Sum squared resid 4.422907 S.E. of regression 0.149083

R-squared 0.556732 Adjusted R-squared 0.550050

F(3, 199) 83.31294 P-value(F) 5.90e-35

Log-likelihood 100.3360 Akaike criterion −192.6719

Schwarz criterion −179.4191 Hannan-Quinn −187.3104

rho 0.935641 Durbin-Watson 0.124768

Yes it is. It is statistically significant and it adds to the fit slightly. (Ignore the coefficeint this time; the iron ore price is not being measured as a % change while CPI is).

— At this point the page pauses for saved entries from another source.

Lemma form1l z : form 1 z = 1.
Proof. by apply: (@mulgI _ (form 1 z)); rewrite -formMl !mulg1. Qed.

Lemma form1r x : form x 1 = 1.
Proof. by apply: (@mulgI _ (form x 1)); rewrite -formMr !mulg1. Qed.

Lemma formVl x z : form x^-1 z = (form x z)^-1.
Proof. by apply: (@mulgI _ (form x z)); rewrite -formMl mulgV form1l mulgV. Qed.

Lemma formVr x z : form x z^-1 = (form x z)^-1.
Proof. by apply: (@mulgI _ (form x z)); rewrite -formMr mulgV form1r mulgV. Qed.

Lemma form_skew x y : form y x = (form x y)^-1.
Proof.
apply: (@mulgI _ (form x y)); rewrite mulgV.
by have := form_alt (x * y); rewrite !formMl !formMr !form_alt mul1g mulg1.
Qed.

Lemma alt_form_cocycle : quandle_cocycle (@core_op gT) (fun x y t => form x y * t).
Proof.
split=> [x y | x y z t | x t] /=; last by rewrite form_alt mul1g.
  by apply: (@Bijective _ _ _ (mulg (form x y)^-1)) => t; rewrite ?mulKg ?mulKVg.
rewrite !mulgA; congr (_ * t); rewrite /core_op.
rewrite !formMl !formMr !formVl !formVr !form_alt ?invg1 ?mulg1 ?mul1g.
rewrite (form_skew x y) !invgK mulgKV.
have cPQ : commute (form x z)^-1 (form x y) by apply/commute_sym/commuteV.
by rewrite !mulgA cPQ -!mulgA [form y z * _]form_comm !mulgA.
Qed.

Lemma simply_connected_alt_form_exp4 :
  simply_connected (@core_op gT) -> forall a b, form a b ^+ 4 = 1.
Proof.
move=> sc a b.
have monodromy_step g z t : form g z^-1 * (form 1 z * t) = (form g z)^-1 * t.
  by rewrite formVr form1l mul1g.
have := simply_connected_commutator_loop sc alt_form_cocycle a b 1.
rewrite /= !monodromy_step /twist !mulg1.
rewrite ?(invMg, invgK, mulg1, mul1g, formMl, formMr, formVl, formVr,
          form_alt, form1l, form1r) (form_skew a b).
move: (form a b) => q; gsimpl.
move/(congr1 invg); rewrite !invMg !invgK invg1 => <-.
by rewrite !expgS expg0 mulg1 !mulgA.
Qed.
Theorem proposition3p7 (R : realType) (P : probability (Qspace R) R)
  (g1 g2 : R) (K : Qspace R -> set nat) :
  is_noise_law P -> 0 < g1 -> 0 < g2 ->
  finite_random_set K ->
  (exists b : bool, {ae P, forall q : Qspace R, K q `<=` W b}) ->
  forall eps : R, 0 < eps ->
    (fun n : nat => P [set q : Qspace R |
        eps <= `| (ncard (phi g1 g2 n q @` K q))%:R - 1 | ])
      @ \oo --> 0%E.
Proof.
move=> hP g1_gt0 g2_gt0 [K_random K_ne_fin] [b K_W] eps eps_gt0.
have K_fin q : finite_set (K q) := (K_ne_fin q).2.
have m_merged n : measurable (not_merged g1 g2 K n) by exact: measurable_not_merged.
apply: (@squeeze_cvge _ _ _ _ (cst 0%E) _ (P \o not_merged g1 g2 K)); last 2 first.
- exact: cvg_cst.
- rewrite -(never_merged_null hP g1_gt0 g2_gt0 K_random K_fin K_W).
  apply: nonincreasing_cvg_mu => //; last exact: not_merged_nonincreasing.
    by apply: le_lt_trans (probability_le1 _ _) (ltry _).
  exact: bigcapT_measurable.
apply: nearW => n; rewrite measure_ge0 /=; apply: le_measure; rewrite ?inE.
- apply/mem_set.
  exact: (measurable_ncard_image g1 g2 K_random K_fin n (fun k => eps <= `|k%:R - 1|)).
- exact/mem_set.
- by move=> q; exact: ncard_image_neq1 eps_gt0 (K_ne_fin q).1.
Qed.
Lemma ear_palette_lt i : nth 0 ear_palette i < K.
Proof.
have [iK|] := ltnP i (size ear_palette); last by move/(nth_default 0)->; lia.
have : nth 0 ear_palette i \in ear_palette by exact: mem_nth.
move: (nth _ _ _) => z; rewrite /ear_palette inE => /predU1P[->//|/mem_rem].
by rewrite inE => /predU1P[->//|/mem_rem]; rewrite mem_iota.
Qed.

Lemma nth_ear_palette_end : nth 0 ear_palette (a != b) = b.
Proof. by rewrite /ear_palette; case: eqP => [->|/eqP ab] //=; rewrite eq_sym (negbTE ab). Qed.

(* Position 0 gets palette colour 0, positions 1 .. R-2 get colours 2 .. R-1, and the
   remaining positions alternate between colours 0 and 1 so as to end with colour q. *)
Definition ear_pattern (q : bool) (j : nat) : nat :=
  if j == 0 then 0 else if j <= R.-2 then j.+1 else odd (m - j) (+) q.

Lemma ear_pattern_lt q j : ear_pattern q j < R.
Proof. by rewrite /ear_pattern; case: ifP => _; [|case: ifP => ?; [|case: (_ (+) _)]]; lia. Qed.

Lemma ear_pattern_end q : ear_pattern q m = q.
Proof. by rewrite /ear_pattern subnn; repeat case: ifP => ?; lia. Qed.

Lemma ear_pattern_step q j : j < m -> ear_pattern q j != ear_pattern q j.+1.
Proof.
move=> jm; rewrite /ear_pattern -(subnSK jm) /=.
by case: (odd _); case: q; repeat case: ifP => ?; lia.
Qed.

Lemma ear_pattern_onto q i : i < R -> exists2 j, j <= m & ear_pattern q j = i.
Proof.
move=> iR; rewrite /ear_pattern.
case: (posnP i) => [->|i0]; first by exists 0.
case: (eqVneq i 1) => [->|i1]; last by exists i.-1; [|repeat case: ifP => ?]; lia.
exists (m - ~~ q); first lia.
by case: q => /=; rewrite ?subn0 ?subKn //; repeat case: ifP => ?; lia.
Qed.

Lemma ear_coloring : exists c : nat -> nat,
  [/\ c 0 = a, c m = b, (forall j, j < m -> c j != c j.+1), (forall j, c j < K) &
      R <= size (undup [seq c j | j <- iota 0 m.+1])].
Proof.
pose q := a != b; exists (fun j => nth 0 ear_palette (ear_pattern q j)); split.
- by [].
- by rewrite ear_pattern_end nth_ear_palette_end.
- move=> j jm; have ltK k : ear_pattern q k < size ear_palette.
    by rewrite size_ear_palette (leq_trans (ear_pattern_lt _ _)).
  by rewrite nth_uniq ?ear_palette_uniq ?ear_pattern_step.
- by move=> j; exact: ear_palette_lt.
have -> : R = size [seq nth 0 ear_palette i | i <- iota 0 R] by rewrite size_map size_iota.
apply: uniq_leq_size.
  rewrite map_inj_in_uniq ?iota_uniq // => i j; rewrite !mem_iota !add0n => /andP[_ iR] /andP[_ jR].
  move/eqP; rewrite nth_uniq ?ear_palette_uniq ?size_ear_palette //.
  - exact/eqP.
  - exact: leq_trans iR RK.
  - exact: leq_trans jR RK.
move=> z /mapP[i]; rewrite mem_iota add0n => /andP[_ /(ear_pattern_onto q)[j jm <-]] ->.
by rewrite mem_undup; apply/mapP; exists j; rewrite // mem_iota add0n ltnS.
Qed.

End EarColoring.

Lemma minn_step_neq (c : nat -> nat) m i j1 j2 : (forall j, j < m -> c j != c j.+1) ->
  0 < i <= m -> j1.+1 = i \/ j1 = i.+1 -> j2.+1 = i \/ j2 = i.+1 -> j1 != j2 ->
  c (minn i j1) != c (minn i j2).
Proof.
move=> c_step /andP[i0 im] h1 h2 j12.
have ci : c i.-1 != c i by rewrite -{2}(prednK i0) c_step // -ltnS prednK.
have minE j : j.+1 = i \/ j = i.+1 -> minn i j = if j < i then i.-1 else i by case: ifP; lia.
by rewrite (minE _ h1) (minE _ h2); case: ifP => ?; case: ifP => ? //; rewrite 1?eq_sym //; lia.
Qed.

(* If prev u = next u = v then u = next v, which is the vertex after v. *)
Lemma next_neq_prev (T : eqType) (c : seq T) u :
  uniq c -> 3 <= size c -> u \in c -> next c u != prev c u.
Proof.
move=> uc sc /rot_to[i t rot_c].
rewrite -(next_rot i uc) -(prev_rot i uc) rot_c.
have := sc; rewrite -(size_rot i) rot_c; have := uc; rewrite -(rot_uniq i) rot_c.
case: t {rot_c} => [|v [|w t]] // ut _; apply/eqP => E.
have := next_prev ut u; rewrite -E /= eqxx.
move: ut; rewrite /= !inE => /and3P[/norP[uv /norP[uw _]] /norP[vw _] _].
by rewrite eq_sym (negbTE uv) eqxx => wu; rewrite wu eqxx in uw.
Qed.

But it does not add all that much. This clears up the first regression we ran somewhat1. The Australian dollar is first and foremost impacted by inflation. But we must be clear here: it is not impacted by the inflation differential as the PPP theory would have it. Rather it is impacted by global inflation.

This is enormously important. Why? Because if PPP held then if the Reserve Bank of Australia (RBA) could keep inflation lower in Australia than it is in the rest of the world, they could in theory determine the value of the currency. But instead the currency is tied to global inflation. The RBA have no control over that.

I suppose at this point we might mention that global inflation is afoot. Bad news for the Australian dollar, if this relationship holds up.

For completists, the relationship between US CPI and the iron oire price is statistically significant ***, low R^2 (0.11) and the coefficient is negative. This last part probably explains the strange results we got when looking at the impact of the iron ore price on the AUD post-2005.